Vicente filed a sworn declaration with the CIR, showing as his total net income for the year 1914, the sum of P296,
302.73.
Subsequently, he submitted the claim that the said amount did not represent his income for the year 1914, BUT
was in fact the income of the conjugal partnership existing between himself and his wife Susana Paterno, and that
in computing and assessing the additional income tax, the income declared by Vicente should be divided into two
equal parts, one-half to be considered the income of Vicente and the other half the income of Susana.
Hence, both filed with the court a recovery of the sum alleged to have been wrongfully and illegally assessed and
collected by the defendants from plaintiff under the provisions of the Act of Congress known as the Income Tax
Law.

Allegation of Vicente: if the income tax for the year 1914 had been correctly and lawfully computed there would
have been due and payable by each of the plaintiffs the sum of P2, 921.09, which taken together amounts to a
total of P5, 842.18 instead of P9, 668.21, erroneously and unlawfully collected from the plaintiff Vicente, with the
result that plaintiff Vicente has paid as income tax P3, 786.08, in excess of the sum lawfully due and payable.

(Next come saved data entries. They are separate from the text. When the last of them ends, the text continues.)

Lemma index_enum_sorted n : sorted (@ord_lt n) (index_enum 'I_n).
Proof.
rewrite (_ : index_enum 'I_n = enum 'I_n); last by rewrite enumT; unlock.
by have := iota_ltn_sorted 0 n; rewrite -val_enum_ord sorted_map.
Qed.

Lemma mem_words_all n k (s : seq (letter n)) :
  (s \in words (index_enum 'I_n) k) = (size s == k) && sorted (@lle n) s.
Proof.
apply/idP/andP => [ws | [/eqP <- ss]].
  have [-> _] := words_size_supported ws.
  by split => //; exact: words_sorted (index_enum_sorted n) ws.
apply: words_complete (index_enum_sorted n) ss _.
by apply/allP => l _; rewrite mem_index_enum.
Qed.

Section GeneratingSeries.
Variables (R : comNzRingType) (n : nat) (y : 'I_n -> R).
Local Notation L := (letter n).
Implicit Types (i : 'I_n) (ix : seq 'I_n) (s r : seq L).

Definition wt s : R :=
  \prod_(i < n) y i ^+ (count (fun l : L => (l.1 == i) && ~~ l.2) s + ((i, true) \in s))%N.

Lemma wt_nil : wt [::] = 1.
Proof. by rewrite /wt big1 // => i _; rewrite expr0. Qed.

Lemma wt_block_cat i ix c a r :
  i \notin ix -> supported ix r -> wt (block i c a ++ r) = y i ^+ ((0 < a) + (c - a)) * wt r.
Proof.
move=> i_notin supr.
have r_no_i j b : j \notin ix -> (j, b) \notin r.
  by move=> j_notin; apply/negP => /(allP supr) /=; rewrite (negbTE j_notin).
have count_r j : j \notin ix -> count (fun l : L => (l.1 == j) && ~~ l.2) r = 0%N.
  move=> j_notin; apply/eqP; rewrite -leqn0 leqNgt -has_count; apply/hasP => -[[j' b] lr].
  by case/andP => /= /eqP ej _; move: lr; rewrite ej; apply/negP/r_no_i.
rewrite /wt (bigD1 i) //= [in RHS](bigD1 i) //= count_r // (negbTE (r_no_i _ _ i_notin)).
rewrite expr0 mul1r; congr (_ * _).
  rewrite /block !count_cat !count_nseq !mem_cat !mem_nseq (negbTE (r_no_i _ _ i_notin)).
  by rewrite /= count_r // !xpair_eqE !eqxx /= !andbT !andbF !orbF mul0n mul1n addn0 add0n addnC.
apply: eq_bigr => j ji; rewrite /block !count_cat !count_nseq !mem_cat !mem_nseq /=.
by rewrite /= !xpair_eqE [i == j]eq_sym (negbTE ji) !andbF !mul0n.
Qed.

ISSUE: Whether or not the income reported by Vicente should be divided into two (2) in computing for the
additional income tax because of the conjugal partnership existing between them.

RULING: No, it cannot be divided into two.


Income Tax Law taxes upon income, and not upon capital and property. The essential difference between capital
and income is that capital is a fund; income is a flow. A fund of property existing at an instant of time is called
capital. A flow of services rendered by that capital by the payment of money from it or any other benefit rendered
by a fund of capital in relation to such fund through a period of time is called income. Capital is wealth, while
income is the service of wealth. Income is defined as profits or gains.
As Susana has no estate and income, actually and legally vested in her and entirely distinct from her husbands
property, the income cannot properly be considered the separate income of the wife for the purposes of the
additional tax.
The separate estate of a married woman within the contemplation of the Income Tax Law is that which belongs to
her solely and separately and apart from her husband, and over which her husband has no right in equity.
Moreover, Income Tax Law does not look on the spouses as individual partners in an ordinary partnership. The
husband and wife are only entitled to the exemption of P8,000 (now 5k).